You are confused about lambda expressions. A lambda expression defines a function, it does not call a function. In your examples you pass a function to map(). The function is defined using a lambda expression, but it could just as well be defined using def. The map() function expects a function as an argument, and it calls the function for each element in the series.
In your more complex example you are trying to use the lambda expression as a FUNCTON CALL. Even then the coding is wrong. This code is syntactically correct, but it does not do what you want.
import pandas as pd
df = pd.DataFrame({"status": ["Morining", "Evening", "Afternoon", "Night"]})
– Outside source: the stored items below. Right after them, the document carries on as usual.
(* Let $R$ be a localizable archimedean partially ordered commutative ring and $\varphi\in\mathcal{K}(R)$. Then $\operatorname{dom}\widehat\varphi$ is a subring of $R$ and $\widehat\varphi\colon\operatorname{dom}\widehat\varphi\to\mathbb{R}$ is a positive ring morphism. Moreover, if $r\in R$ and $s\in\operatorname{dom}\widehat\varphi\cap\mathrm{Loc}(R)$ satisfy $r/s\in R^{\mathrm{bd}}_{\mathrm{loc}}$, then $r\in\operatorname{dom}\widehat\varphi$.
   Context: Rings are commutative with unit; subrings contain $1$; ring morphisms are unital. A partially ordered commutative ring is a commutative ring $R$ with partial order $\le$, $r\le s\Rightarrow r+t\le s+t$, positive cone $R^+$ closed under multiplication and containing all squares. $\mathbb{N}=\{1,2,\dots\}$, $\mathbb{N}_0=\mathbb{N}\cup\{0\}$. Archimedean: $kg+h\in R^+$ for all $k\in\mathbb{N}$ implies $g\in R^+$. $\mathrm{Loc}(R)$: the $s\in1+R^+$ with $rs\in R^+\Rightarrow r\in R^+$ for all $r$; localizable: each $r$ satisfies $-s\le r\le s$ for some $s\in\mathrm{Loc}(R)$. A ring morphism into $\mathbb{R}$ is positive if it maps $R^+$ (here $(\operatorname{dom}\widehat\varphi)\cap R^+$) into $[0,\infty)$. $\mathscr{C}_{\mathrm{a.e.}}(X)$ for a topological space $X$: continuous real functions defined on dense open subsets of $X$, modulo agreement on a dense open subset of the common domain, with pointwise operations on the intersection of domains. Each $a\in\mathscr{C}_{\mathrm{a.e.}}(X)$ has a unique representative $a_{\max}$ whose domain contains the domain of every representative and which restricts to each representative. $R_{\mathrm{loc}}$: fractions $r/s$ ($r\in R$, $s\in\mathrm{Loc}(R)$), $r/s=r'/s'$ iff $rs'=r's$, ordered by $p/q\le r/s$ iff $ps\le rq$. $R^{\mathrm{bd}}_{\mathrm{loc}}=\{a:\exists n\in\mathbb{N}_0,\ -n\le a\le n\}$. $\mathcal{K}(R)$: ring morphisms $\psi\colon R^{\mathrm{bd}}_{\mathrm{loc}}\to\mathbb{R}$ with $\psi(a)\ge0$ for $a\ge0$, weak-$*$ topology. $\mathrm{O}_{s<\infty}=\{\psi:\psi(1/s)>0\}$; for archimedean localizable $R$ these are dense open in $\mathcal{K}(R)$. For $r\in R$, $\widehat r\in\mathscr{C}_{\mathrm{a.e.}}(\mathcal{K}(R))$ is the class of $r_s\colon\mathrm{O}_{s<\infty}\to\mathbb{R}$, $\psi\mapsto\psi(1/s)^{-1}\psi(r/s)$, for any $s\in\mathrm{Loc}(R)$ with $r/s\in R^{\mathrm{bd}}_{\mathrm{loc}}$ (independent of $s$). Define $\operatorname{dom}\widehat\varphi=\{r\in R:\varphi\in\operatorname{dom}\widehat r_{\max}\}$ and $\widehat\varphi(r)=\widehat r_{\max}(\varphi)$ for $r\in\operatorname{dom}\widehat\varphi$. *)

From HB Require Import structures.
From mathcomp Require Import all_boot all_order all_algebra.
From mathcomp Require Import boolp classical_sets reals.
Set Implicit Arguments. Unset Strict Implicit. Unset Printing Implicit Defensive.
Import Order.TTheory GRing.Theory Num.Theory.
Local Open Scope ring_scope.

Section PORing.
Variable R : comPzRingType.
Variable le : R -> R -> Prop.

Definition po_comring : Prop :=
  [/\ (forall r, le r r),
      (forall r s, le r s -> le s r -> r = s),
      (forall r s t, le r s -> le s t -> le r t) &
      [/\ (forall r s t, le r s -> le (r + t) (s + t)),
      (forall r s, le 0 r -> le 0 s -> le 0 (r * s)) &
      (forall r, le 0 (r * r))]].

Definition archimedean_po : Prop :=
  forall g h, (forall k : nat, (0 < k)%N -> le 0 (g *+ k + h)) -> le 0 g.

Definition isLoc (s : R) : Prop :=
  le 0 (s - 1) /\ (forall r, le 0 (r * s) -> le 0 r).

Definition localizable : Prop :=
  forall r, exists s, isLoc s /\ le (- s) r /\ le r s.

(* Fractions r/s (s in Loc R) are represented by pairs; order on R_loc:
   p/q <= r/s iff p s <= r q. *)
Definition frac_le (p q r s : R) : Prop := le (p * s) (r * q).

(* r/s is a well-formed element of R_loc lying in R_loc^bd *)
Definition bdfrac (r s : R) : Prop :=
  isLoc s /\ exists n : nat, frac_le (- n%:R) 1 r s /\ frac_le r s n%:R 1.

Variable RR : realType.

(* K(R): positive unital ring morphisms R_loc^bd -> RR, represented as
   functions psi r s = psi(r/s) on representing pairs, constant on
   equivalence classes and (normalisation) 0 on pairs that do not
   represent an element of R_loc^bd. *)
Definition inK (psi : R -> R -> RR) : Prop :=
  [/\ (forall r s, ~ bdfrac r s -> psi r s = 0),
      (forall r s r' s', bdfrac r s -> bdfrac r' s' -> r * s' = r' * s ->
          psi r s = psi r' s') &
      [/\ (forall r s r' s', bdfrac r s -> bdfrac r' s' ->
          psi (r * s' + r' * s) (s * s') = psi r s + psi r' s'),
      (forall r s r' s', bdfrac r s -> bdfrac r' s' ->
          psi (r * r') (s * s') = psi r s * psi r' s'),
      psi 1 1 = 1 &
      (forall r s, bdfrac r s -> frac_le 0 1 r s -> 0 <= psi r s)]].

(* weak-* topology on K(R), written out via basic neighbourhoods *)
Definition wnbhd (psi : R -> R -> RR) (l : seq (R * R)) (e : RR)
  (chi : R -> R -> RR) : Prop :=
  inK chi /\ forall a, a \in l -> `|chi a.1 a.2 - psi a.1 a.2| < e.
df["value"] = df["status"].map(
lambda x: 1
if x == "Morning"
else lambda x: 2
if x == "Afternoon"
else lambda x: 3
if x == "Evening"
else 4
)
print(df)Output: status value
Morining <function <lambda>.<locals>.<lambda> at 0x0000...1
Evening <function <lambda>.<locals>.<lambda> at 0x0000...2
Afternoon <function <lambda>.<locals>.<lambda> at 0x0000...3
Night <function <lambda>.<locals>.<lambda> at 0x0000...
The function is added to the dataframe, not the value that would be returned by the function if it were called.
You could write something like this:
import pandas as pd
df = pd.DataFrame({"status": ["Morning", "Evening", "Afternoon", "Night"]})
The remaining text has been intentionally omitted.